На стене рядом со мной висела пара цветных открыток с изображением лазурных пляжей тропических островов и несколько старых черно-белых фотопортретов. На одной из них был запечатлен молодой Фидель Кастро. На другой какие-то фермеры с широкими от удивления и ужаса глазами — видимо, им не часто доводилось видеть фотоаппарат. Еще на одной фотографии очень четко получился темнокожий парень в солдатской форме. Можно было даже различить его эмоции в момент создания снимка. Кажется, это были усталость и смирение. Все эти люди на фотографиях точно не знали и вряд ли были готовы к тому, что их взгляд, уже возможно после их смерти, будет продолжать встречать множество других чужих взглядов, смотря со стены маленького казанского бара, где-то в невозможно далекой России.

…В конце ноября 1956 года сквозь бушующий шторм на Мексиканском заливе к берегам Кубы прорывалась маленькая яхта под названием «Гранма». На борту яхты рассчитанной не более чем на пятнадцать человек, помимо груды винтовок, амуниции, съестных припасов, ящиков с патронами и медикаментами, находилось восемьдесят два человека, решивших либо умереть, либо стать свободными. Великолепие этой картины слегка портил тот факт, что среди медикаментов не оказалось лекарства от морской болезни, и поэтому не привыкшие к качке борцы за свободу, все, за исключением пяти-шести человек, провели плавание в стонах и судорогах, склонившись над водой или уткнувшись головами в ведра.
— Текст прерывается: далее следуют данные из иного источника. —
(* Let $G$ be a global type. The language of the LTS $\mathrm{cat}(G)$ coincides with the language of the LTS on global types, with initial state $G$, whose transitions are those derivable using only the rules [Choice] and [Rec].
   Context: Fix disjoint sets $\mathfrak{P}$ (participants) and $\mathcal{M}$ (messages); interactions are $\mathsf{p}\to\mathsf{q}:\mathsf{m}$ with $\mathsf{p}\neq\mathsf{q}\in\mathfrak{P}$, $\mathsf{m}\in\mathcal{M}$, forming the set $\mathcal{L}_{int}$; $\mathrm{ptp}(\mathsf{p}\to\mathsf{q}:\mathsf{m})=\{\mathsf{p},\mathsf{q}\}$. Global types: $G ::= \mathbf{end} \mid \mu\mathbf{r}.G \mid \mathbf{r} \mid \sum_{i\in I}\mathsf{p}\to\mathsf{q}_i:\mathsf{m}_i;G_i$ (written $\mathsf{p}\to\mathsf{q}:\mathsf{m};G$ when $|I|=1$); $\mu\mathbf{r}$ binds $\mathbf{r}$, occurrences of recursion variables are guarded, and bound variable names are all distinct and distinct from free ones. Operational semantics (LTS with labels in $\mathcal{L}_{int}$): [Choice] $\sum_{i\in I}\mathsf{p}\to\mathsf{q}_i:\mathsf{m}_i;G_i\xrightarrow{\mathsf{p}\to\mathsf{q}_j:\mathsf{m}_j}G_j$ for $j\in I$; [Rec] if $G[\mu\mathbf{r}.G/\mathbf{r}]\xrightarrow{\alpha}G'$ then $\mu\mathbf{r}.G\xrightarrow{\alpha}G'$; [Pass] if $G_j\xrightarrow{\alpha}G'_j$ and $\mathsf{p},\mathsf{q}_j\notin\mathrm{ptp}(\alpha)$ for all $j\in I$, then $\sum_{i\in I}\mathsf{p}\to\mathsf{q}_i:\mathsf{m}_i;G_i\xrightarrow{\alpha}\sum_{i\in I}\mathsf{p}\to\mathsf{q}_i:\mathsf{m}_i;G'_i$. $\mathrm{cat}(G)$ is the LTS with the subterms of $G$ as states, initial state $G$, labels $\mathcal{L}_{int}$, and transitions $\mathrm{catr}(G)$, where $\mathrm{catr}(\mathbf{end})=\mathrm{catr}(\mathbf{r})=\emptyset$, $\mathrm{catr}(\mu\mathbf{r}.G)=\mathrm{catr}(G)\cup\{\mathbf{r}\xrightarrow{\varepsilon}\mu\mathbf{r}.G,\ \mu\mathbf{r}.G\xrightarrow{\varepsilon}G\}$, and $\mathrm{catr}(\sum_{i\in I}\mathsf{p}\to\mathsf{q}_i:\mathsf{m}_i;G_i)=\bigcup_{j\in I}(\{\sum_{i\in I}\mathsf{p}\to\mathsf{q}_i:\mathsf{m}_i;G_i\xrightarrow{\mathsf{p}\to\mathsf{q}_j:\mathsf{m}_j}G_j\}\cup\mathrm{catr}(G_j))$. The language of an LTS is the set of traces (concatenations of labels, $\varepsilon$ being the identity) of its finite or infinite runs from the initial state. *)

From Stdlib Require Import List Arith.
Import ListNotations.

Set Implicit Arguments.

(* A (finite or infinite) word over L: a finite word of length n is
   represented by w with w k = Some _ for k < n and w k = None for k >= n. *)
Definition word (L : Type) := nat -> option L.

Section Languages.
Variables (St L : Type).
Variable step : St -> option L -> St -> Prop.   (* None = epsilon *)

Inductive frun : St -> list (option L) -> Prop :=
| frun_nil  : forall s, frun s []
| frun_cons : forall s a s' ls, step s a s' -> frun s' ls -> frun s (a :: ls).

Fixpoint somes (ls : list (option L)) : list L :=
  match ls with
  | [] => []
  | None :: ls' => somes ls'
  | Some x :: ls' => x :: somes ls'
  end.

Fixpoint count_some (a : nat -> option L) (n : nat) : nat :=
  match n with
  | 0 => 0
  | S n' => count_some a n' + (match a n' with Some _ => 1 | None => 0 end)
  end.

(* w is the concatenation of the labels of the infinite label sequence a *)
Definition inf_trace (a : nat -> option L) (w : word L) : Prop :=
  forall k x, w k = Some x <-> exists n, a n = Some x /\ count_some a n = k.

Definition lts_lang (init : St) (w : word L) : Prop :=
  (exists ls, frun init ls /\ forall k, w k = nth_error (somes ls) k)
  \/
  (exists (s : nat -> St) (a : nat -> option L),
      s 0 = init /\ (forall n, step (s n) (a n) (s (S n))) /\ inf_trace a w).

End Languages.

Section GlobalTypes.
Variables (P M : Type).   (* participants, messages *)

Inductive gtype : Type :=
| GEnd : gtype
| GVar : nat -> gtype
| GRec : nat -> gtype -> gtype
(* GChoice p [(q_i, m_i, G_i)]_i  =  sum_i p -> q_i : m_i ; G_i *)
| GChoice : P -> list (P * M * gtype) -> gtype.

Definition interaction := (P * P * M)%type.

(* G[N/r] (naive substitution; capture cannot arise under the standing
   convention that bound names are distinct from each other and from free ones) *)
Fixpoint subst (r : nat) (N : gtype) (G : gtype) : gtype :=
  match G with
  | GEnd => GEnd
  | GVar s => if Nat.eqb s r then N else GVar s
  | GRec s B => if Nat.eqb s r then GRec s B else GRec s (subst r N B)
  | GChoice p bs =>
      GChoice p ((fix substs (bs : list (P * M * gtype)) :=
                    match bs with
                    | [] => []
                    | (q, m, G') :: bs' => (q, m, subst r N G') :: substs bs'
                    end) bs)
  end.

(* bound variables, with multiplicity *)
Fixpoint bv (G : gtype) : list nat :=
  match G with
  | GEnd => []
  | GVar _ => []
  | GRec r B => r :: bv B
  | GChoice _ bs =>
      (fix bvs (bs : list (P * M * gtype)) :=
         match bs with
         | [] => []
         | (_, _, G') :: bs' => bv G' ++ bvs bs'
         end) bs
  end.

Fixpoint fv (G : gtype) : list nat :=
  match G with
  | GEnd => []
  | GVar r => [r]
  | GRec r B => filter (fun s => negb (Nat.eqb s r)) (fv B)
  | GChoice _ bs =>
      (fix fvs (bs : list (P * M * gtype)) :=
         match bs with
         | [] => []
         | (_, _, G') :: bs' => fv G' ++ fvs bs'
         end) bs
  end.

Inductive subterm : gtype -> gtype -> Prop :=
| sub_refl : forall G, subterm G G
| sub_rec : forall G r B, subterm G B -> subterm G (GRec r B)
| sub_choice : forall G p bs q m G',
    In (q, m, G') bs -> subterm G G' -> subterm G (GChoice p bs).

Fixpoint unguarded_occ (r : nat) (G : gtype) : Prop :=
  match G with
  | GVar s => s = r
  | GRec s B => s <> r /\ unguarded_occ r B
  | _ => False
  end.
А по причине незакрытого в туалете крана судно дало течь, из-за чего было решено выбросить за борт всё лишнее, чтобы облегчить яхту. В воде оказалась часть жизненно необходимых запасов провизии и оружия. После семи дней ужасного морского похода у берегов Кубы яхта была замечена врагами. Революционерам пришлось высаживаться на сушу в большой спешке, захватив с собой лишь самое необходимое, и быть готовыми принять бой в любое мгновение. Оказавшись на земле, три дня, заблудившись, они бродили по джунглям, преследуемые врагами, мучимые голодом и жаждой, падая в обмороки от усталости, пока не добрались до местечка под названием Святая радость. Именно здесь, 5 декабря, во время привала, их настигли войска диктатора Батисты. Обессиленные, лишенные снаряжения, они не смогли дать врагу достойный отпор, и от восьмидесяти двух человек в живых остались только двенадцать разбросанных по джунглям, раненых, дезориентированных бойцов. Как раз сколько с комфортом могла вместить в себя «Гранма». Среди этих двенадцати были Фидель и Рауль Кастро, а также, конечно же, Че Гевара. Несмотря ни на что эти двенадцать отчаянных сумасшедших не сложили оружие и решили продолжить, казалось бы, безнадежную борьбу…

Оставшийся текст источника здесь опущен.